(* Change of variables x = u^2 x' + r, y = u^3 y' + s u^2 x' + t
   (Silverman, Table 3.1): the new coefficients a_i'. *)
Definition ch_a1 (u r s t a1 : rat) : rat := (a1 + 2%:R * s) / u.
Definition ch_a2 (u r s t a1 a2 : rat) : rat := (a2 - s * a1 + 3%:R * r - s ^+ 2) / u ^+ 2.
Definition ch_a3 (u r s t a1 a3 : rat) : rat := (a3 + r * a1 + 2%:R * t) / u ^+ 3.
Definition ch_a4 (u r s t a1 a2 a3 a4 : rat) : rat := (a4 - s * a3 + 2%:R * r * a2 - (t + r * s) * a1
                           + 3%:R * r ^+ 2 - 2%:R * s * t) / u ^+ 4.
Definition ch_a6 (u r s t a1 a2 a3 a4 a6 : rat) : rat := (a6 + r * a4 + r ^+ 2 * a2 + r ^+ 3 - t * a3
                           - t ^+ 2 - r * t * a1) / u ^+ 6.

Definition is_int_rat (q : rat) : bool := q \is a Num.int.

Definition global_minimal (a1 a2 a3 a4 a6 : int) : Prop :=
  wdisc a1 a2 a3 a4 a6 != 0 /\
  forall u r s t : rat, u != 0 ->
    let b1 := ch_a1 u r s t a1%:~R
    in let b2 := ch_a2 u r s t a1%:~R a2%:~R
    in let b3 := ch_a3 u r s t a1%:~R a3%:~R
    in let b4 := ch_a4 u r s t a1%:~R a2%:~R a3%:~R a4%:~R
    in let b6 := ch_a6 u r s t a1%:~R a2%:~R a3%:~R a4%:~R a6%:~R in
    [&& is_int_rat b1, is_int_rat b2, is_int_rat b3, is_int_rat b4
      & is_int_rat b6] ->
    `|(wdisc a1 a2 a3 a4 a6)%:~R : rat| <= `|wdisc b1 b2 b3 b4 b6|.

Definition short_model_of_minimal (A B : int) : Prop :=
  exists a1 a2 a3 a4 a6 : int, global_minimal a1 a2 a3 a4 a6 /\
    A = - 27%:R * wc4 a1 a2 a3 a4 a6 /\ B = - 54%:R * wc6 a1 a2 a3 a4 a6.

:: Goal of the exercise ::
A complete and exact transcription of the material is required.

:: Answer section ::
(* Change of variables x = u^2 x' + r, y = u^3 y' + s u^2 x' + t
   (Silverman, Table 3.1): the new coefficients a_i'. *)
Definition ch_a1 (u r s t a1 : rat) : rat := (a1 + 2%:R * s) / u.
Definition ch_a2 (u r s t a1 a2 : rat) : rat := (a2 - s * a1 + 3%:R * r - s ^+ 2) / u ^+ 2.
Definition ch_a3 (u r s t a1 a3 : rat) : rat := (a3 + r * a1 + 2%:R * t) / u ^+ 3.
Definition ch_a4 (u r s t a1 a2 a3 a4 : rat) : rat := (a4 - s * a3 + 2%:R * r * a2 - (t + r * s) * a1
                           + 3%:R * r ^+ 2 - 2%:R * s * t) / u ^+ 4.
Definition ch_a6 (u r s t a1 a2 a3 a4 a6 : rat) : rat := (a6 + r * a4 + r ^+ 2 * a2 + r ^+ 3 - t * a3
                           - t ^+ 2 - r * t * a1) / u ^+ 6.

Definition is_int_rat (q : rat) : bool := q \is a Num.int.

Definition global_minimal (a1 a2 a3 a4 a6 : int) : Prop :=
  wdisc a1 a2 a3 a4 a6 != 0 /\
  forall u r s t : rat, u != 0 ->
    let b1 := ch_a1 u r s t a1%:~R
    in let b2 := ch_a2 u r s t a1%:~R a2%:~R
    in let b3 := ch_a3 u r s t a1%:~R a3%:~R
    in let b4 := ch_a4 u r s t a1%:~R a2%:~R a3%:~R a4%:~R
    in let b6 := ch_a6 u r s t a1%:~R a2%:~R a3%:~R a4%:~R a6%:~R in
    [&& is_int_rat b1, is_int_rat b2, is_int_rat b3, is_int_rat b4
      & is_int_rat b6] ->
    `|(wdisc a1 a2 a3 a4 a6)%:~R : rat| <= `|wdisc b1 b2 b3 b4 b6|.

Definition short_model_of_minimal (A B : int) : Prop :=
  exists a1 a2 a3 a4 a6 : int, global_minimal a1 a2 a3 a4 a6 /\
    A = - 27%:R * wc4 a1 a2 a3 a4 a6 /\ B = - 54%:R * wc6 a1 a2 a3 a4 a6.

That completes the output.